Top of Raw data

(* Let $T$ be the tournament on vertex set $\{0,1,2,3,4,5\}$ with arc set $\{(0,1),(0,3),(1,2),(1,5),(2,0),(2,4),(3,1),(3,2),(3,4),(4,0),(4,1),(4,5),(5,0),(5,2),(5,3)\}$. For every $n\geq 3$, there is a homomorphism from the directed cycle $\overrightarrow{C}_n$ to $T$.
   Context: $\overrightarrow{C}_n$ is the directed cycle on $n$ vertices (asymmetric). A homomorphism from a digraph $D$ to a digraph $H$ is a map $\phi:V(D)\to V(H)$ such that $(\phi(u),\phi(v))\in A(H)$ whenever $(u,v)\in A(D)$. *)

From mathcomp Require Import all_boot.
Set Implicit Arguments. Unset Strict Implicit. Unset Printing Implicit Defensive.

Definition dcycle (n : nat) : rel 'I_n :=
  fun i j => (j : nat) == (i.+1 %% n).

Definition T_arcs : seq (nat * nat) :=
  [:: (0,1); (0,3); (1,2); (1,5); (2,0); (2,4); (3,1); (3,2); (3,4);
      (4,0); (4,1); (4,5); (5,0); (5,2); (5,3)].

Definition T_rel : rel 'I_6 := fun u v => ((u : nat), (v : nat)) \in T_arcs.

Definition is_hom (V W : Type) (E : rel V) (F : rel W) (phi : V -> W) : Prop :=
  forall u v, E u v -> F (phi u) (phi v).

(* The tournament T has closed walks of lengths 3, 4 and 5 through vertex 0, namely
   0 1 2, 0 3 2 4 and 0 3 1 2 4.  Every n >= 3 is 3 + (n mod 3) plus a multiple of 3,
   so prefixing the appropriate short walk with copies of the triangle 0 1 2 gives a
   closed walk of length n, and winding C_n around it is a homomorphism. *)
From mathcomp Require Import all_boot.

Set Implicit Arguments.
Unset Strict Implicit.
Unset Printing Implicit Defensive.

Lemma ohead_cat (T : Type) (u v : seq T) :
  ohead u = ohead v -> ohead (u ++ v) = ohead v.
Proof. by case: u. Qed.

Lemma size_iter_cat (T : Type) (s t : seq T) k :
  size (iter k (cat s) t) = size s * k + size t.
Proof. by elim: k => [|k IH]; rewrite ?muln0 //= size_cat IH mulnS addnA. Qed.

Section ClosedWalks.
Variables (W : eqType) (F : rel W).

Lemma nth_cycle x0 s i : cycle F s -> i < size s ->
  F (nth x0 s i) (nth x0 s (i.+1 %% size s)).
Proof.
case: s => [//|x s] /(pathP x0) walk lt_i.
have := walk i; rewrite size_rcons -rcons_cons !nth_rcons lt_i => /(_ isT).
move: lt_i; rewrite ltnS leq_eqVlt => /predU1P[->|lt_is].
  by rewrite ltnn eqxx modnn.
by rewrite lt_is modn_small.
Qed.

Lemma cycle_hom n x0 s : size s = n -> cycle F s ->
  is_hom (@dcycle n) F (fun i => nth x0 s i).
Proof. by move=> <- walk u v /eqP ->; apply: nth_cycle. Qed.

Lemma cycle_cat (u v : seq W) :
  ohead u = ohead v -> cycle F u -> cycle F v -> cycle F (u ++ v).
Proof.
case: u => [//|x s]; case: v => [//|y t] [<-] /=.
by rewrite rcons_cat /= -cat_rcons cat_path last_rcons => -> ->.
Qed.

Lemma cycle_iter_cat (u v : seq W) k :
  ohead u = ohead v -> cycle F u -> cycle F v -> cycle F (iter k (cat u) v).
Proof.
move=> same_head walk_u; elim: k v same_head => // k IH v same_head walk_v.
rewrite iterSr; apply: IH; first by rewrite ohead_cat.
exact: cycle_cat.
Qed.

End ClosedWalks.

Definition T_arc : rel nat := fun a b => (a, b) \in T_arcs.

Definition T_walk (s : seq nat) : seq 'I_6 := map inord s.

Lemma cycle_T_walk s :
  all (fun a => a < 6) s -> cycle T_arc s -> cycle T_rel (T_walk s).
Proof.
rewrite cycle_map => small; apply: sub_in_cycle small => a b a_lt6 b_lt6.
by rewrite /= /T_rel !inordK.
Qed.

Definition T_triangle : seq 'I_6 := T_walk [:: 0; 1; 2].

Definition T_short_cycle (r : nat) : seq 'I_6 :=
  match r with
  | 0 => T_triangle
  | 1 => T_walk [:: 0; 3; 2; 4]
  | _ => T_walk [:: 0; 3; 1; 2; 4]
  end.

Definition T_closed_walk (n : nat) : seq 'I_6 :=
  iter (n %/ 3).-1 (cat T_triangle) (T_short_cycle (n %% 3)).

Lemma size_T_closed_walk n : 3 <= n -> size (T_closed_walk n) = n.
Proof.
move=> n_ge3; have q_gt0 : 0 < n %/ 3 by rewrite divn_gt0.
have size_short : size (T_short_cycle (n %% 3)) = 3 + n %% 3.
  by have := ltn_pmod n (isT : 0 < 3); case: (n %% 3) => [|[|[|]]].
rewrite size_iter_cat size_short addnA -mulnSr prednK // mulnC.
by rewrite [RHS](divn_eq n 3).
Qed.

Lemma cycle_T_closed_walk n : cycle T_rel (T_closed_walk n).
Proof.
rewrite /T_closed_walk; case: (n %% 3) => [|[|r]];
  by apply: cycle_iter_cat => //; apply: cycle_T_walk.
Qed.

Theorem mainTheorem17 : forall n : nat, 3 <= n ->
  exists phi : 'I_n -> 'I_6, is_hom (@dcycle n) T_rel phi.
Proof.
move=> n n_ge3; exists (fun i => nth ord0 (T_closed_walk n) i).
exact: cycle_hom (size_T_closed_walk n_ge3) (cycle_T_closed_walk n).
Qed.
(* Assume condition (G) on the groups and (A2), and let $\alpha$ and $(\beta_n)$ be such that $\beta_n\to0$ and $\lim_{n\to\infty}mpBFDR_{\beta_n}=\alpha$ with $\alpha$ in the feasible range $\left(\frac{1}{\sum_i d^t_i+1},\frac{m-m_1}{\sum_i d^t_i+m-m_1}\right)$ (as provided by the $\alpha$-control theorem). Let $\tilde H_{\min}=\min_{i:d^t_i=0}J(H_{1i})$. Then for the non-marginal procedure with penalties $\beta_n$, almost surely, $$\limsup_{n\to\infty}\frac1n\log FNR_{\mathbf X_n}\le-\tilde H_{\min}.$$
   Context: Data and models: $\mathbf X_n=(X_1,\ldots,X_n)$ are the first $n$ coordinates of a process with true distribution $P$; $p(\mathbf X_n)$ is the true joint density and $f_{\boldsymbol\theta}(\mathbf X_n)$ the postulated density for $\boldsymbol\theta=(\theta_1,\ldots,\theta_M)\in\boldsymbol\Theta=\Theta_1\times\cdots\times\Theta_M$ ($M\le\infty$); $P$ need not belong to the postulated family. $\pi$ is a prior on $\boldsymbol\Theta$, $\pi(\cdot\mid\mathbf X_n)$ the posterior; $E_{\mathbf X_n},P_{\mathbf X_n}$ denote expectation/probability over the data under $P$. For finitely many indices $i=1,\ldots,m$ ($1<m\le M$) one tests $H_{0i}:\theta_i\in\Theta_{0i}$ vs $H_{1i}:\theta_i\in\Theta_{1i}$, where $\Theta_{0i}\cap\Theta_{1i}=\emptyset$, $\Theta_{0i}\cup\Theta_{1i}=\Theta_i$. A decision configuration is $\mathbf d=(d_1,\ldots,d_m)\in\mathbb D=\{0,1\}^m$ ($d_i=1$ means $H_{0i}$ is rejected); $\Theta_{d_jj}$ means $\Theta_{0j}$ if $d_j=0$ and $\Theta_{1j}$ if $d_j=1$. $\mathbf 0,\mathbf 1$ denote the all-zero and all-one configurations. KL quantities: $h(\boldsymbol\theta)=\lim_{n}n^{-1}E_P[\log(p(\mathbf X_n)/f_{\boldsymbol\theta}(\mathbf X_n))]$; for measurable $A$, $h(A)=\pi\text{-}\operatorname{ess\,inf}_{\boldsymbol\theta\in A}h(\boldsymbol\theta)$, $J(\boldsymbol\theta)=h(\boldsymbol\theta)-h(\boldsymbol\Theta)$, $J(A)=\pi\text{-}\operatorname{ess\,inf}_{\boldsymbol\theta\in A}J(\boldsymbol\theta)$. Let $\boldsymbol\Theta(\mathbf d)=\prod_{i=1}^m\Theta_{d_ii}\times\prod_{i>m}\Theta_i$; the true configuration $\mathbf d^t$ is the unique $\mathbf d$ with $J(\boldsymbol\Theta(\mathbf d))=J(\boldsymbol\Theta)$. Groups and sets: for each $i$ a set $G_i\subseteq\{1,\ldots,m\}$ with $i\in G_i$ is fixed. Let $\Psi_{i\mathbf d}=\{\boldsymbol\theta:\theta_i\in\Theta_{1i},\ \theta_j\in\Theta_{d_jj}\ \forall j\in G_i\setminus\{i\}\}$ and $\Upsilon_{ki}=\{\boldsymbol\theta:\theta_i\in\Theta_{ki}\}$, $k=0,1$. Write $J(\boldsymbol\Theta_{i\mathbf d})=J(\Psi_{i\mathbf d})$, $J(\boldsymbol\Theta^c_{i\mathbf d})=J(\boldsymbol\Theta\setminus\Psi_{i\mathbf d})$, $J(H_{ki})=J(\Upsilon_{ki})$. $\mathbb D_i=\{\mathbf d: d_j=d^t_j\ \forall j\in G_i\}$. Posterior probabilities: $w_{in}(\mathbf d)=\pi(\Psi_{i\mathbf d}\mid\mathbf X_n)$, $v_{in}=\pi(\Upsilon_{1i}\mid\mathbf X_n)$. Standing assumption (posterior exponential concentration, i.e. the conclusion of Shalizi's (2009) theorem under his conditions (S1)–(S7), assumed throughout): for all $i,\mathbf d,k$ the sets $A=\Psi_{i\mathbf d}$, $\boldsymbol\Theta\setminus\Psi_{i\mathbf d}$, $\Upsilon_{ki}$ have $\pi(A)>0$ and satisfy $\lim_{n\to\infty}n^{-1}\log\pi(A\mid\mathbf X_n)=-J(A)$ $P$-a.s.; moreover $J(\boldsymbol\Theta_{i\mathbf d})>0$ for $\mathbf d\notin\mathbb D_i$, $J(\boldsymbol\Theta_{i\mathbf d^t})>0$ when $d^t_i=0$, $J(\boldsymbol\Theta^c_{i\mathbf d^t})>0$ when $d^t_i=1$, $J(H_{1i})>0$ when $d^t_i=0$, $J(H_{0i})>0$ when $d^t_i=1$. Procedures: given $\beta_n\in[0,1)$, the non-marginal procedure selects $\hat{\mathbf d}=\arg\max_{\mathbf d\in\mathbb D}\sum_{i=1}^m d_i(w_{in}(\mathbf d)-\beta_n)$ (ties broken by any fixed rule) and sets $\delta_{NM}(\mathbf d\mid\mathbf X_n)=1$ if $\mathbf d=\hat{\mathbf d}$ and $0$ otherwise. $mpBFDR_\beta$ denotes the $mpBFDR$ of this procedure with penalty $\beta$. Error measures (with $\delta=\delta_{NM}$): $mFDR_{\mathbf X_n}=\sum_{\mathbf d}\frac{\sum_i d_i(1-w_{in}(\mathbf d))}{(\sum_i d_i)\vee1}\delta(\mathbf d\mid\mathbf X_n)$, $FNR_{\mathbf X_n}=\sum_{\mathbf d}\frac{\sum_i(1-d_i)v_{in}}{(\sum_i(1-d_i))\vee1}\delta(\mathbf d\mid\mathbf X_n)$, $mpBFDR=E_{\mathbf X_n}[mFDR_{\mathbf X_n}\mid\delta(\mathbf 0\mid\mathbf X_n)=0]$. Known fact used (Chandra and Bhattacharya 2017): for each $n$, $\beta\mapsto mpBFDR_\beta$ is continuous and non-increasing on $[0,1]$. Condition (A2): $\mathbf d^t\ne\mathbf 0$ and $\mathbf d^t\ne\mathbf 1$. Condition (G): after relabelling, there is $m_1<m$ such that each of $G_1,\ldots,G_{m_1}$ contains at least one index $j$ with $d^t_j=1$, every index $j\in G_{m_1+1}\cup\cdots\cup G_m$ has $d^t_j=0$, and $(G_1\cup\cdots\cup G_{m_1})\cap(G_{m_1+1}\cup\cdots\cup G_m)=\emptyset$. *)

From HB Require Import structures.
From mathcomp Require Import all_boot all_order all_algebra.
From mathcomp Require Import all_classical all_reals all_analysis.
Set Implicit Arguments. Unset Strict Implicit. Unset Printing Implicit Defensive.
Import Order.TTheory GRing.Theory Num.Theory.
Import numFieldNormedType.Exports.
Local Open Scope classical_set_scope.
Local Open Scope ring_scope.

Notation config m := {ffun 'I_m -> bool}.

Section NonMarginal.
Context {R : realType} {dO dT : measure_display}
  {Omega : measurableType dO} {Theta : measurableType dT}.

Definition logE (x : R) : \bar R := if x == 0 then -oo%E else (ln x)%:E.

Definition ess_inf_on (pi : {measure set Theta -> \bar R}) (A : set Theta)
  (f : Theta -> \bar R) : \bar R :=
  ereal_sup [set c : \bar R | pi (A `&` [set x | (f x < c)%E]) = 0%E].

Variables (P : probability Omega R) (pi : probability Theta R) (m : nat).
(* lr n theta omega = log (f_theta(X_n(omega)) / p(X_n(omega))) *)
Variable lr : nat -> Theta -> Omega -> R.
(* Ups1 i = Upsilon_{1i} = {theta | theta_i \in Theta_{1i}} *)
Variable Ups1 : 'I_m -> set Theta.
Variable G : 'I_m -> {set 'I_m}.

Definition Ups (k : bool) (i : 'I_m) : set Theta :=
  if k then Ups1 i else ~` Ups1 i.

Definition Psi (i : 'I_m) (d : config m) : set Theta :=
  Ups1 i `&` \bigcap_(j in [set j | (j \in G i) && (j != i)]) Ups (d j) j.

Definition ThetaD (d : config m) : set Theta :=
  \bigcap_(j in [set: 'I_m]) Ups (d j) j.

Definition hseq (n : nat) (th : Theta) : R :=
  n%:R^-1 * fine (\int[P]_w (- lr n th w)%:E)%E.
Definition h (th : Theta) : R := limn (fun n => hseq n th).
Definition hTheta : \bar R := ess_inf_on pi setT (fun th => (h th)%:E).
Definition Jfun (th : Theta) : \bar R := ((h th)%:E - hTheta)%E.
Definition JA (A : set Theta) : \bar R := ess_inf_on pi A Jfun.

Definition postNum (n : nat) (w : Omega) (A : set Theta) : \bar R :=
  (\int[pi]_(th in A) (expR (lr n th w))%:E)%E.
Definition post (n : nat) (w : Omega) (A : set Theta) : R :=
  fine (postNum n w A) / fine (postNum n w setT).

Definition w_in (i : 'I_m) (d : config m) (n : nat) (w : Omega) : R :=
  post n w (Psi i d).
Definition v_in (i : 'I_m) (n : nat) (w : Omega) : R := post n w (Ups1 i).

Definition Dset (dt : config m) (i : 'I_m) : set (config m) :=
  [set d | forall j, j \in G i -> d j = dt j].

Definition score (beta : R) (n : nat) (w : Omega) (d : config m) : R :=
  \sum_(i < m) (d i)%:R * (w_in i d n w - beta).

(* a fixed tie-breaking rule: maps the vector of scores to a maximiser *)
Definition argmax_rule (rule : {ffun config m -> R} -> config m) : Prop :=
  forall (s : {ffun config m -> R}) (d : config m), s d <= s (rule s).

Definition dhat (rule : {ffun config m -> R} -> config m) (beta : R)
  (n : nat) (w : Omega) : config m :=
  rule [ffun d => score beta n w d].

Definition deltaNM rule beta n w (d : config m) : R :=
  (d == dhat rule beta n w)%:R.

Definition mFDR rule beta n w : R :=
  \sum_(d : config m)
    ((\sum_(i < m) (d i)%:R * (1 - w_in i d n w))
       / (maxn (\sum_(i < m) nat_of_bool (d i)) 1)%:R)
    * deltaNM rule beta n w d.

Definition FNR rule beta n w : R :=
  \sum_(d : config m)
    ((\sum_(i < m) (~~ d i)%:R * v_in i n w)
       / (maxn (\sum_(i < m) nat_of_bool (~~ d i)) 1)%:R)
    * deltaNM rule beta n w d.

Definition config0 : config m := [ffun => false].
Definition config1 : config m := [ffun => true].

Definition mpBFDR rule beta n : R :=
  let E0 := [set w | deltaNM rule beta n w config0 = 0] in
  fine (\int[P]_(w in E0) (mFDR rule beta n w)%:E)%E / fine (P E0).

Definition true_config (dt : config m) : Prop :=
  JA (ThetaD dt) = JA setT /\ forall d, JA (ThetaD d) = JA setT -> d = dt.

(* standing assumption: posterior exponential concentration *)
Definition concentrates (A : set Theta) : Prop :=
  (0 < pi A)%E /\
  {ae P, forall w, (fun n => (n%:R^-1)%:E * logE (post n w A))%E @ \oo
                     --> (- JA A)%E}.

Definition standing (dt : config m) : Prop :=
  (forall i d, concentrates (Psi i d) /\ concentrates (~` Psi i d)) /\
  (forall i k, concentrates (Ups k i)) /\
  (forall i d, ~ Dset dt i d -> (0 < JA (Psi i d))%E) /\
  (forall i, ~~ dt i -> (0 < JA (Psi i dt))%E) /\
  (forall i, dt i -> (0 < JA (~` Psi i dt))%E) /\
  (forall i, ~~ dt i -> (0 < JA (Ups1 i))%E) /\
  (forall i, dt i -> (0 < JA (~` Ups1 i))%E).

End NonMarginal.

(* Condition (G), without relabelling: S plays the role of {1,...,m1},
   so m1 = #|S| and m1 < m means some index lies outside S *)
Definition condG (m : nat) (G : 'I_m -> {set 'I_m}) (dt : config m)
  (S : {set 'I_m}) : Prop :=
  (exists i, i \notin S) /\
  (forall i, i \in S -> exists2 j, j \in G i & dt j) /\
  (forall i, i \notin S -> forall j, j \in G i -> ~~ dt j) /\
  (forall j, ~ ((exists2 i, i \in S & j \in G i) /\
               (exists2 i, i \notin S & j \in G i))).

(* Almost surely every posterior probability pi(A | X_n) decays like exp(-n J(A)).
   Hence, once beta_n is small, the posterior mass of every configuration that
   disagrees with d^t on some group G_i is negligible, and any configuration
   that fails to reject a true alternative j scores strictly less than d^t: it
   loses w_{jn}(d^t) ~ 1 while gaining at most m (eps + beta_n). So eventually
   the selected configuration rejects every true alternative, the false
   nondiscoveries are among the true nulls, and
   FNR <= sum_{d^t_i = 0} pi(Theta_{1i} | X_n) <= m exp(-n c) for every c < H_min. *)

From HB Require Import structures.
From mathcomp Require Import all_boot all_order all_algebra.
From mathcomp Require Import all_classical all_reals all_analysis.
From mathcomp Require Import lra.
Set Implicit Arguments. Unset Strict Implicit. Unset Printing Implicit Defensive.
Import Order.TTheory GRing.Theory Num.Theory.
Import numFieldNormedType.Exports measurable_realfun.
Local Open Scope classical_set_scope.
Local Open Scope ring_scope.

Section ExtendedRealLimits.
Context {R : realType}.
Local Open Scope ereal_scope.

Lemma cvg_lte_near {T} {F : set_system T} {u : T -> \bar R} {y x : \bar R} :
  u @ F --> y -> y < x -> \forall t \near F, u t < x.
Proof.
move=> uy yx; have : nbhs y [set z | z < x].
  by apply: open_nbhs_nbhs; split => //; exact: open_ereal_lt_ereal.
by move/uy.
Qed.

Lemma limn_esup_le_near (u : (\bar R)^nat) l :
  (\forall n \near \oo, u n <= l) -> limn_esup u <= l.
Proof.
move=> Ful; apply: le_trans (ereal_inf_lbound _) _.
  by exists [set t | u t <= l].
by apply: ge_ereal_sup => _ [t ult <-].
Qed.

Lemma EFin_lt_exists_between (J : \bar R) (c : R) :
  c%:E < J -> exists2 c' : R, (c < c')%R & c'%:E < J.
Proof.
case: J => [r||] //; last by exists (c + 1)%R; [lra | exact: ltey].
by rewrite lte_fin => cr; exists ((c + r) / 2)%R; rewrite ?lte_fin; lra.
Qed.

Lemma lee_oppr_of_lt (x H : \bar R) :
  (forall c : R, c%:E < H -> x <= (- c)%:E) -> x <= - H.
Proof.
case: H => [r||] xc; last by rewrite leey.
- apply/lee_addgt0Pr => e e0.
  rewrite -EFinN -EFinD addrC -opprB; apply: xc; rewrite lte_fin; lra.
- case: x xc => [s||] xc //; last by have := xc 0%R (ltey _).
  by have := xc (- s + 1)%R (ltey _); rewrite lee_fin => /= h; exfalso; lra.
Qed.

End ExtendedRealLimits.

Lemma sum_indicator_le_near {R : realType} m (a : 'I_m -> bool)
    (p : 'I_m -> nat -> R) (b : nat -> R) :
  (forall n, 0 <= b n) -> (forall i, a i -> \forall n \near \oo, p i n <= b n) ->
  \forall n \near \oo, \sum_(i < m) (a i)%:R * p i n <= m%:R * b n.
Proof.
move=> b0 pb; have : \forall n \near \oo, forall i, a i -> p i n <= b n.
  apply: filter_forall => i; case: (boolP (a i)) => ai.
    by apply: filterS (pb i ai) => n + _.
  by apply: nearW => n /negP.
apply: filterS => n pbn; rewrite -[X in _ <= X%:R * _]card_ord mulr_natl -sumr_const.
by apply: ler_sum => i _; case: (boolP (a i)) => ai /=; rewrite ?mul1r ?pbn ?mul0r.
Qed.

Section LogRate.
Context {R : realType}.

Bottom of Raw data

Give back exactly the lines of the listing above, starting with its first line and ending with the line that holds "(* The tournament".

◆ Exercise solution ◆
(* Let $T$ be the tournament on vertex set $\{0,1,2,3,4,5\}$ with arc set $\{(0,1),(0,3),(1,2),(1,5),(2,0),(2,4),(3,1),(3,2),(3,4),(4,0),(4,1),(4,5),(5,0),(5,2),(5,3)\}$. For every $n\geq 3$, there is a homomorphism from the directed cycle $\overrightarrow{C}_n$ to $T$.
   Context: $\overrightarrow{C}_n$ is the directed cycle on $n$ vertices (asymmetric). A homomorphism from a digraph $D$ to a digraph $H$ is a map $\phi:V(D)\to V(H)$ such that $(\phi(u),\phi(v))\in A(H)$ whenever $(u,v)\in A(D)$. *)

From mathcomp Require Import all_boot.
Set Implicit Arguments. Unset Strict Implicit. Unset Printing Implicit Defensive.

Definition dcycle (n : nat) : rel 'I_n :=
  fun i j => (j : nat) == (i.+1 %% n).

Definition T_arcs : seq (nat * nat) :=
  [:: (0,1); (0,3); (1,2); (1,5); (2,0); (2,4); (3,1); (3,2); (3,4);
      (4,0); (4,1); (4,5); (5,0); (5,2); (5,3)].

Definition T_rel : rel 'I_6 := fun u v => ((u : nat), (v : nat)) \in T_arcs.

Definition is_hom (V W : Type) (E : rel V) (F : rel W) (phi : V -> W) : Prop :=
  forall u v, E u v -> F (phi u) (phi v).

(* The tournament T has closed walks of lengths 3, 4 and 5 through vertex 0, namely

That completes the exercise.